For Immediate Release
Contact: DHS S&T Press Office, John Verrico (202) 254-2385
Army STTC Public Affairs, Michelle Milliner (407) 384-5227
WASHINGTON – First responders and educators now have a new, free tool at their disposal to help ensure the safety of our nation’s schools, as well as the students and faculty within them. Developed by the Department of Homeland Security (DHS) Science and Technology Directorate (S&T), the U.S. Army Simulation and Training Technology Center (STTC), and Cole Engineering Services Inc. (CESI), the Enhanced Dynamic Geo-Social Environment (EDGE), a virtual training platform, allows teachers, school staff, law enforcement officers, and others tasked with school security to create and practice response plans for a wide range of critical incidents.
“When it comes to the safety and security of students, there is no holding back,” said William N. Bryan, S&T Senior Official Performing the Duties of the Under Secretary for Science and Technology. “In many cases, school staff are the ‘first responders’ at the scene of an on-campus incident. We developed EDGE to help them prepare, so they have a new resource literally at their fingertips. By using EDGE to train, they can know how to act swiftly, decisively, and in collaboration with local emergency responders if and when something does happen.”
Built on the Unreal 4 gaming engine, which powers popular video games like Fortnite and Street Fighter 5, EDGE allows first responders and educators to role-play complex scenarios in a virtual environment, improving and reinforcing coordination, communication, and critical decision-making skills. Users control avatars representing their real-life role—teachers, administrators, school resource officers, local law enforcement, and more—to execute a number of training scenarios of their own creation. The EDGE environment can be used to train for any type of incident, from parental custody disputes to potential bomb threats, an active shooter or other critical incident on campus.
“While EDGE leverages the best that gaming technology has to offer, it is important to note that it is not a traditional video game,” said S&T EDGE Program Manager Milt Nenneman. “There are no winners or losers, and there are no pre-programmed situations to react to—EDGE allows agencies to create their own lesson plans, each with different outcomes based on the actions users take in the environment. There is some artificial intelligence programmed in, but for the most part users control the reactions of their own avatars under the guidance of a training manager.”
“The level of threat and response can vary depending on specific training goals,” agreed Tami Griffith, engineer at the STTC in Orlando. “This is an area that can turn chaotic quickly. The EDGE simulation allows educators and first responders to train in a school environment with a wide range of threat types, which is true to everyday life. The real value here is in the cross-response coordination. The more you train and prepare, the better the outcome.”

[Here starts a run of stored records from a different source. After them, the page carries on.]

(* Let $G=(\mathcal V,\mathcal E)$ be an acyclic ADT network over $\mathbb F_q$ with a single source supernode $S$ and destination supernodes $T_1,\dots,T_N$, and let $A$, $F$, $B$ be its encoding, adjacency and decoding matrices. Then $I-F$ is invertible, and the system matrix $M$, i.e. the matrix satisfying $\mathcal Z=\mathcal X(S)\,M$ for every value of the source processes, is $$M=A\,(I-F)^{-1}\,B^T .$$
   Context: ADT network model. $G=(\mathcal V,\mathcal E)$ is a directed acyclic network whose nodes (''supernodes'') $V\in\mathcal V$ each consist of a finite set of input ports $I(V)$ and output ports $O(V)$, all ports being distinct. Each edge $(e,e')\in\mathcal E$ goes from an output port of one supernode to an input port of another supernode. Fix a finite field $\mathbb F_q$; each edge carries one symbol of $\mathbb F_q$. The source $S$ has source processes $\mathcal X(S)=[X(S,1),\dots,X(S,\mu(S))]$ with $\mu(S)\le |O(S)|$. Linear coding rules: - Each output port $e\in O(V)$ carries $Y(e)=\sum_{e'\in I(V)}\beta_{(e',e)}Y(e')$. If $V=S$, the term $\sum_{i}\alpha_{(i,e)}X(S,i)$ is added. - An output port sends the same symbol on all of its outgoing edges (broadcast). - An input port $e'$ receives the $\mathbb F_q$-sum of the symbols on all edges entering it: $Y(e')=\sum_{(e,e')\in\mathcal E}Y(e)$ (additive MAC). - Destination $T$ outputs $Z(T,k)=\sum_{e'\in I(T)}\epsilon_{(e',(T,k))}Y(e')$ for $k=1,\dots,\nu(T)$. The coefficients $\alpha,\beta,\epsilon\in\mathbb F_q$ are free. Write $\mathcal Z=[\mathcal Z(T_1),\dots,\mathcal Z(T_N)]$ for the row vector of all destination outputs. Matrices. Index all ports as $e_1,\dots,e_m$. The adjacency matrix $F$ is the $m\times m$ matrix with entries $$F_{i,j}=\begin{cases}1 & \text{if } (e_i,e_j)\in\mathcal E,\\ \beta_{(e_i,e_j)} & \text{if } e_i\in I(V),\ e_j\in O(V) \text{ for some supernode } V,\\ 0 & \text{otherwise.}\end{cases}$$ The encoding matrix $A$ is the $\mu(S)\times m$ matrix with $A_{i,j}=\alpha_{(i,e_j)}$ if $e_j\in O(S)$, and $0$ otherwise. The decoding matrix $B$ is $|\mathcal Z|\times m$. Its rows are indexed by the pairs $(T_j,k)$, and its entry in row $(T_j,k)$, column $e_i$ is $\epsilon_{(e_i,(T_j,k))}$ if $e_i\in I(T_j)$, and $0$ otherwise. *)

From HB Require Import structures.
From mathcomp Require Import all_boot all_order all_algebra all_field.
Set Implicit Arguments. Unset Strict Implicit. Unset Printing Implicit Defensive.
Import GRing.Theory.
Local Open Scope ring_scope.

(* ADT network with m ports indexed by 'I_m.
   - node e   : the supernode (in the finite type Vt) owning port e
   - isin e   : true iff e is an input port (otherwise an output port)
   - E e e'   : there is an edge from port e to port e'                     *)

Definition wf_edges (Vt : finType) (m : nat) (node : 'I_m -> Vt)
  (isin : 'I_m -> bool) (E : rel 'I_m) : Prop :=
  forall e e', E e e' -> [&& ~~ isin e, isin e' & node e != node e'].

Definition snrel (Vt : finType) (m : nat) (node : 'I_m -> Vt) (E : rel 'I_m) : rel Vt :=
  fun v w => [exists e, exists e', [&& E e e', node e == v & node e' == w]].

Definition acyclic_net (Vt : finType) (m : nat) (node : 'I_m -> Vt) (E : rel 'I_m) : Prop :=
  forall v : Vt, ~~ [exists w, snrel node E v w && connect (snrel node E) w v].

(* Index type of the destination outputs (T_j, k), k < nu(T_j). *)
Definition zidx (N : nat) (nu : 'I_N -> nat) : finType := {j : 'I_N & 'I_(nu j)}.

Definition adjmx (K : fieldType) (Vt : finType) (m : nat) (node : 'I_m -> Vt)
  (isin : 'I_m -> bool) (E : rel 'I_m) (beta : 'I_m -> 'I_m -> K) : 'M[K]_m :=
  \matrix_(i < m, j < m)
    if E i j then 1
    else if [&& isin i, ~~ isin j & node i == node j] then beta i j else 0.

Definition encmx (K : fieldType) (Vt : finType) (m mu : nat) (node : 'I_m -> Vt)
  (isin : 'I_m -> bool) (S : Vt) (alpha : 'I_mu -> 'I_m -> K) : 'M[K]_(mu, m) :=
  \matrix_(i < mu, j < m) if (node j == S) && ~~ isin j then alpha i j else 0.

Definition decmx (K : fieldType) (Vt : finType) (m N : nat) (node : 'I_m -> Vt)
  (isin : 'I_m -> bool) (T : 'I_N -> Vt) (nu : 'I_N -> nat)
  (eps : zidx nu -> 'I_m -> K) : 'M[K]_(#|{: zidx nu}|, m) :=
  \matrix_(r < #|{: zidx nu}|, i < m)
    let p := enum_val r in
    if isin i && (node i == T (tag p)) then eps p i else 0.

(* The linear coding rules: Y is the vector of port symbols, X the source processes. *)
Definition network_eqs (K : fieldType) (Vt : finType) (m mu : nat) (node : 'I_m -> Vt)
  (isin : 'I_m -> bool) (E : rel 'I_m) (S : Vt) (alpha : 'I_mu -> 'I_m -> K)
  (beta : 'I_m -> 'I_m -> K) (X : 'rV[K]_mu) (Y : 'rV[K]_m) : Prop :=
  forall e : 'I_m,
    Y 0 e =
      if isin e then
        (* additive MAC: sum of the symbols on all incoming edges *)
        \sum_(e' | E e' e) Y 0 e'
      else
        \sum_(e' | isin e' && (node e' == node e)) beta e' e * Y 0 e'
        + (if node e == S then \sum_(i < mu) alpha i e * X 0 i else 0).

Definition dest_out (K : fieldType) (Vt : finType) (m N : nat) (node : 'I_m -> Vt)
  (isin : 'I_m -> bool) (T : 'I_N -> Vt) (nu : 'I_N -> nat)
  (eps : zidx nu -> 'I_m -> K) (Y : 'rV[K]_m) : 'rV[K]_(#|{: zidx nu}|) :=
  \row_(r < #|{: zidx nu}|)
    let p := enum_val r in
    \sum_(e | isin e && (node e == T (tag p))) eps p e * Y 0 e.

From HB Require Import structures.
From mathcomp Require Import all_boot all_order all_algebra all_field.
Import GRing.Theory.
Local Open Scope ring_scope.
Set Implicit Arguments.
Unset Strict Implicit.

(* The coding rules say that the port vector satisfies Y = Y F + X A, and the
   destination outputs are Z = Y B^T; so it suffices that I - F is invertible,
   i.e. that F fixes no nonzero row vector v.  If v F = v, the entry of v at an
   input port is a combination of entries at output ports of strictly earlier
   supernodes, and the entry at an output port a combination of entries at
   input ports of its own supernode.  Induction on the number of ancestors of
   a supernode, which acyclicity makes strictly increasing along edges, then
   gives v = 0. *)

Lemma unitmx_1B_fixed_row0 (K : fieldType) (n : nat) (F : 'M[K]_n) :
  (forall v : 'rV[K]_n, v *m F = v -> v = 0) -> (1%:M - F) \in unitmx.
Proof.
move=> fixed0; rewrite -row_free_unit -kermx_eq0; apply/eqP/row_matrixP => i.
rewrite row0; apply: fixed0; apply/eqP; rewrite eq_sym -subr_eq0.
rewrite -{1}[row i _]mulmx1 -mulmxBr; apply/eqP/sub_kermxP/row_sub.
Qed.

Section AdtNetwork.
Variables (K : fieldType) (Vt : finType) (m : nat)
  (node : 'I_m -> Vt) (isin : 'I_m -> bool) (E : rel 'I_m)
  (beta : 'I_m -> 'I_m -> K).
Hypothesis wfE : wf_edges node isin E.

Local Notation F := (adjmx node isin E beta).

Lemma adjmx_in i e : isin e -> F i e = (E i e)%:R.
Proof. by move=> ine; rewrite mxE ine andbF; case: (E i e). Qed.

Lemma adjmx_out i e : ~~ isin e ->
  F i e = if isin i && (node i == node e) then beta i e else 0.
Proof.
move=> oute; rewrite mxE oute; case Eie: (E i e) => //.
by case/and3P: (wfE Eie) => _ ine; rewrite ine in oute.
Qed.

Lemma network_eqs_mx (mu : nat) (S : Vt) (alpha : 'I_mu -> 'I_m -> K)
    (X : 'rV[K]_mu) (Y : 'rV[K]_m) :
  network_eqs node isin E S alpha beta X Y ->
  Y = Y *m F + X *m encmx node isin S alpha.
Proof.
move=> eqsXY; apply/rowP => e; rewrite !mxE eqsXY.
have [ine | oute] := boolP (isin e).
  rewrite [s in _ = _ + s]big1 => [|i _]; last by rewrite mxE ine andbF mulr0.
  rewrite addr0 [RHS](bigID (fun i => E i e)) /= [s in _ = _ + s]big1 => [|i].
    by rewrite addr0; apply: eq_bigr => i Eie; rewrite adjmx_in // Eie mulr1.
  by rewrite adjmx_in // => /negbTE->; rewrite mulr0.
congr (_ + _).
  rewrite [RHS](bigID (fun i => isin i && (node i == node e))) /=.
  rewrite [s in _ = _ + s]big1 => [|i /negbTE ie]; last by rewrite adjmx_out // ie mulr0.
  by rewrite addr0; apply: eq_bigr => i ie; rewrite adjmx_out // ie mulrC.
case: ifP => eS; last by rewrite big1 // => i _; rewrite mxE eS mulr0.
by apply: eq_bigr => i _; rewrite mxE eS oute mulrC.
Qed.

Definition ancestors (v : Vt) : {set Vt} :=
  [set w | [exists u, snrel node E w u && connect (snrel node E) u v]].

Hypothesis acyclic : acyclic_net node E.

Lemma card_ancestors_lt w v :
  snrel node E w v -> (#|ancestors w| < #|ancestors v|)%N.
Proof.
move=> wv; apply/proper_card/properP; split.
  apply/subsetP => x; rewrite !inE => /existsP[u /andP[xu uw]].
  by apply/existsP; exists u; rewrite xu (connect_trans uw) ?connect1.
exists w; rewrite !inE; last exact: acyclic.
by apply/existsP; exists v; rewrite wv connect0.
Qed.

Lemma adjmx_fixed_row0 (v : 'rV[K]_m) : v *m F = v -> v = 0.
Proof.
move=> fixv; apply/rowP => e; rewrite mxE.
move: {2}#|ancestors (node e)| (erefl #|ancestors (node e)|) => n.
elim/ltn_ind: n e => n IHn e def_n.
have in_port0 e' : isin e' -> node e' = node e -> v 0 e' = 0.
  move=> ine' ee'; rewrite -fixv mxE big1 // => i _; rewrite adjmx_in //.
  case Eie': (E i e'); last by rewrite mulr0.
  have ie' : snrel node E (node i) (node e').
    by apply/existsP; exists i; apply/existsP; exists e'; rewrite Eie' !eqxx.
  by rewrite (IHn _ _ i erefl) ?mul0r // -def_n -ee' card_ancestors_lt.
have [ine | oute] := boolP (isin e); first exact: in_port0.
rewrite -fixv mxE big1 // => i _; rewrite adjmx_out //.
case: ifP => [/andP[ini /eqP ie] | _]; last by rewrite mulr0.
by rewrite in_port0 ?mul0r.
Qed.

Lemma unitmx_1B_adjmx : (1%:M - F) \in unitmx.
Proof. exact/unitmx_1B_fixed_row0/adjmx_fixed_row0. Qed.

End AdtNetwork.

Lemma dest_out_mulmx (K : fieldType) (Vt : finType) (m N : nat)
    (node : 'I_m -> Vt) (isin : 'I_m -> bool) (T : 'I_N -> Vt) (nu : 'I_N -> nat)
    (eps : zidx nu -> 'I_m -> K) (Y : 'rV[K]_m) :
  dest_out node isin T eps Y = Y *m (decmx node isin T eps)^T.
Proof.
apply/rowP => r; rewrite !mxE (bigID (fun e => isin e && (node e == T (tag (enum_val r))))) /=.
rewrite [X in _ = _ + X]big1 => [|e /negbTE Te]; last by rewrite !mxE /= Te mulr0.
by rewrite addr0; apply: eq_bigr => e Te; rewrite !mxE /= Te mulrC.
Qed.

Theorem theorem1 (K : finFieldType) (Vt : finType) (m mu N : nat)
  (node : 'I_m -> Vt) (isin : 'I_m -> bool) (E : rel 'I_m)
  (S : Vt) (T : 'I_N -> Vt) (nu : 'I_N -> nat)
  (alpha : 'I_mu -> 'I_m -> K) (beta : 'I_m -> 'I_m -> K)
  (eps : zidx nu -> 'I_m -> K) :
  wf_edges node isin E ->
  acyclic_net node E ->
  (mu <= #|[set e | (node e == S) && ~~ isin e]|)%N ->
  (1%:M - adjmx node isin E beta) \in unitmx /\
  forall (X : 'rV[K]_mu) (Y : 'rV[K]_m),
    network_eqs node isin E S alpha beta X Y ->
    dest_out node isin T eps Y =
      X *m (encmx node isin S alpha *m invmx (1%:M - adjmx node isin E beta)
            *m (decmx node isin T eps)^T).
Proof.
move=> wfE acyclic _; have unitIF := unitmx_1B_adjmx beta wfE acyclic.
split=> // X Y /(network_eqs_mx wfE) eqY.
set F := adjmx node isin E beta in unitIF eqY *.
have solY : Y *m (1%:M - F) = X *m encmx node isin S alpha.
  by rewrite mulmxBr mulmx1 {1}eqY addrAC subrr add0r.
by rewrite dest_out_mulmx !mulmxA -solY mulmxK.
Qed.
(* Let $q\ge 4$. If five distinct points of $\mathcal O_1$ are contained in a solid $\Sigma$ of $\mathrm{PG}(U_1)$, then they lie in a twisted cubic of $\mathcal O_1$ (i.e. in $\theta(L)$ for some $q$-order subline $L$ of $\mathrm{PG}(1,q^3)$), and this twisted cubic equals $\Sigma\cap\mathcal O_1$.
   Context: $q$ is a prime power. Let $U_1\subset\mathbb F_{q^3}^8$ be the set of vectors $(a,b^{q^2},b^{q},c,b,c^{q},c^{q^2},d)$ with $a,d\in\mathbb F_q$, $b,c\in\mathbb F_{q^3}$; it is an $8$-dimensional $\mathbb F_q$-vector space, so $\mathrm{PG}(U_1)\cong\mathrm{PG}(7,q)$. For $(a,b,c,d)\ne 0$ let $P(a,b,c,d)$ be the point of $\mathrm{PG}(U_1)$ spanned by this vector. Let $\mathcal O_1=\{P(1,t,t^{q^2+q},t^{q^2+q+1}) : t\in\mathbb F_{q^3}\}\cup\{P(0,0,0,1)\}$ (a set of $q^3+1$ points; note $P(1,t,t^{q^2+q},t^{q^2+q+1})$ is the vector $(1,t)\otimes(1,t^q)\otimes(1,t^{q^2})$). Let $\theta:\mathrm{PG}(1,q^3)\to\mathcal O_1$ be the bijection $\langle(1,t)\rangle\mapsto P(1,t,t^{q^2+q},t^{q^2+q+1})$, $\langle(0,1)\rangle\mapsto P(0,0,0,1)$. A $q$-order subline of $\mathrm{PG}(1,q^3)$ is the image of $\mathrm{PG}(1,q)=\{\langle(1,t)\rangle:t\in\mathbb F_q\}\cup\{\langle(0,1)\rangle\}$ under an element of $\mathrm{PGL}(2,q^3)$. For every $q$-order subline $L$, $\theta(L)$ is a twisted cubic of $\mathrm{PG}(U_1)$ spanning a solid (e.g. $\theta(\mathrm{PG}(1,q))=\{P(1,t,t^2,t^3):t\in\mathbb F_q\}\cup\{P(0,0,0,1)\}$); these are called the twisted cubics of $\mathcal O_1$. A solid is a $3$-dimensional projective subspace. *)

From HB Require Import structures.
From mathcomp Require Import all_boot all_order all_algebra all_field.
Set Implicit Arguments. Unset Strict Implicit. Unset Printing Implicit Defensive.
Import GRing.Theory.
Local Open Scope ring_scope.

(* F plays the role of F_{q^3} (hypothesis #|F| = q^3 in the theorem);
   the subfield F_q is the set of fixed points of x |-> x^q. *)
Definition Fq (F : finFieldType) (q : nat) (x : F) : bool := x ^+ q == x.

Definition vecU1 (F : finFieldType) (q : nat) (a b c d : F) : 'rV[F]_8 :=
  \row_(i < 8) nth 0 [:: a; b ^+ (q ^ 2)%N; b ^+ q; c; b; c ^+ q; c ^+ (q ^ 2)%N; d] i.

Definition inU1 (F : finFieldType) (q : nat) (v : 'rV[F]_8) : Prop :=
  exists a b c d : F, Fq q a /\ Fq q d /\ v = vecU1 q a b c d.

Definition Fq_span (F : finFieldType) (q : nat) (u : 'I_4 -> 'rV[F]_8) (v : 'rV[F]_8) : Prop :=
  exists l : 'I_4 -> F, (forall i, Fq q (l i)) /\ v = \sum_(i < 4) l i *: u i.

EDGE was intentionally developed as a tool to supplement existing trainings, like field drills or tabletop exercises; because it is user-driven, it reflects the policies and procedures already in place in communities and school districts. The EDGE team worked with stakeholders across the country to incorporate practitioner feedback into the training platform, most recently this summer and fall in school districts in Arizona, Ohio, and Florida, as well as in West Orange, New Jersey, where the actual school modeled in EDGE can be found.
“One of the things I say over and over is there isn’t enough training for educators in many aspects of school safety,” said Dr. Amy Klinger, Director of Programs for the Educator’s School Safety Network. “This tool strikes a balance between ‘we have to train for the worst-case scenario’ and the more likely scenarios that we’re going to encounter every day. We know that violence occurs in schools, we know that you are going to have aggressive behavior and situations that don’t necessarily involve gun violence but that involve some other response that needs to occur,” Klinger added. “EDGE gives educators an opportunity to immerse themselves in it, make decisions, analyze those decisions and think ‘OK, what would I have done differently?’ And then you can do it differently. As opposed to a one-time training, where you think ‘I wish I had done this.’”
This is the second EDGE environment to be made available. The initial version, released in June 2017, featured a multi-story hotel environment enabling first responders of all disciplines to train together for a coordinated response to active shooter and other critical incidents. The new school environment is available at no cost to fully vetted response agencies and education institutions via the CESI EDGE Help Desk at (877) EDGE-011 or www.cesiedgetraining.com.
“You can never prepare enough. Using tools like EDGE—it can’t hurt, it can only help,” said Lieutenant John Morella of the West Orange, New Jersey Police Department. The school depicted in the EDGE environment was modeled after a middle school in West Orange, and Morella himself provided critical input for EDGE’s research and development since its infancy. “[EDGE is] another tool in our toolbox, and it will allow us to do more training and be more interactive—not only on the police side, but the education side as well. It allows us to reset, go through multiple scenarios in a much shorter period of time, and it’s more efficient and cost-effective. For this to be free, and for [responders and educators] to use this as often as they want…that’s a home run.”